Semua ahli yang tersisa dari klan Yao benar-benar mulai menghancurkan diri sendiri setelah merasakan bahwa ada harapan bagi kelompok Xiao Yan untuk melarikan diri. Gelombang dari ledakan benar-benar menghalangi para ahli dari klan Hun, yang ingin membebaskan diri untuk menghentikan kelompok Xiao Yan.

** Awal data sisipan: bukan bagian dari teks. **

Lemma Rintegral_le_ES d (T : measurableType d) (R : realType) (w : set T -> R) (alpha : R)
    (P : probability T R) : capacity w -> 0 < alpha < 1 ->
  (forall A, measurable A -> (P A <= (w A / alpha)%:E)%E) ->
  forall X, bdd_meas X -> Rintegral P setT X <= ES w alpha X.
Proof.
move=> capw alpha01 Pw X BX; have [M M0 XM] := bdd_meas_bound BX.
have [a0 _] := andP alpha01.
apply/ler_addgt0Pr => e e0; have [m mM] := exists_natr_mul_ge (2 * M) e0.
have /andP[_] := mean_functional_stair (mean_functional_Rintegral P) BX XM e0 mM.
have := ES_ge_stair capw alpha01 m BX XM M0 e0.
suff : \sum_(i < m) Rintegral P setT \1_(level_set X M e i) <=
       \sum_(i < m) Num.min (w (level_set X M e i)) alpha / alpha.
  by move=> /(ler_wpM2l (ltW e0)); lra.
apply: ler_sum => i _; have mA := measurable_level_set M e i BX.1.
have PA : P (level_set X M e i) \is a fin_num by exact: fin_num_measure.
rewrite Rintegral_indic // setIT ler_pdivlMr // le_min.
have := Pw _ mA; have := probability_le1 P mA; rewrite -(fineK PA) !lee_fin => P1 Pw'.
by rewrite -ler_pdivlMr // Pw' /= -[X in _ <= X]mul1r ler_wpM2r // ltW.
Qed.

Theorem proposition10 (d : measure_display) (T : measurableType d) (R : realType)
  (w : set T -> R) (alpha : R) :
  continuous_capacity w -> 0 < alpha < 1 -> coherent (ES w alpha) ->
  forall X : T -> R, bdd_meas X ->
    ((ES w alpha X)%:E =
     ereal_sup [set e : \bar R | exists Q : probability T R,
        (forall A, measurable A -> Q A <= (w A / alpha)%:E)%E /\
        e = \int[Q]_x (X x)%:E])%E.
Proof.
move=> cw alpha01 coh X BX.
have PT (P : probability T R) : (P setT < +oo)%E by rewrite probability_setT ltry.
apply/le_anti/andP; split.
  have [l [lD lZ lle lX]] := hahn_banach (bdd_meas_cst 0) bdd_measD bdd_measZ
    (coherentD coh) (coherentZ coh) BX.
  have llin : linear_on_bdd l by split.
  have [P PE] := functional_probability cw alpha01 coh llin lle.
  apply: ereal_sup_ubound; exists P; split.
    by move=> A mA; rewrite PE // lee_fin functional_indic_le.
  suff IX : Rintegral P setT X = ES w alpha X by rewrite -IX integral_bdd_meas // PT.
  rewrite -lX; apply: mean_functional_eq BX => [||A mA].
  - exact: mean_functional_Rintegral.
  - by have := dominated_linear_mean coh llin lle.
  - by rewrite Rintegral_indic // setIT [X in fine X]PE.
apply: ge_ereal_sup => _ [P [Pw ->]].
have := Rintegral_le_ES cw.1 alpha01 Pw BX; rewrite -lee_fin.
by rewrite integral_bdd_meas // PT.
Qed.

Hun Jing, yang bertukar pukulan dengan Yao Dan, memasang wajah muram saat melihat adegan ini. Tanpa diduga, bocah itu bahkan mampu memaksa mundur Hun Yan. Namun, Yao Dan tampaknya menyadari niatnya saat dia berencana membebaskan dirinya untuk memblokir grup. Senyuman gila dan garang muncul di wajah Yao Dan. Setelah itu, Dou Qi di dalam tubuhnya tiba-tiba menjadi liar dan kejam …

"Xiao Yan, terima kasih banyak…"

Yao Dan menoleh saat Dou Qi di dalam tubuhnya mencapai batas kekerasan liarnya. Dia memandang Xiao Yan, yang telah menangkap Yao Tian, ​​Yao Ling dan yang lainnya saat dia memasuki celah spasial. Mata merah tua Yao Dan yang gila itu menampakkan senyuman yang sepertinya telah terbebas dari beban yang berat. Setelah itu, ledakan pemusnahan yang tidak lebih lemah dari ledakan teratai api delapan warna dari sebelumnya sekali lagi bergema di dunia yang berlumuran darah ini!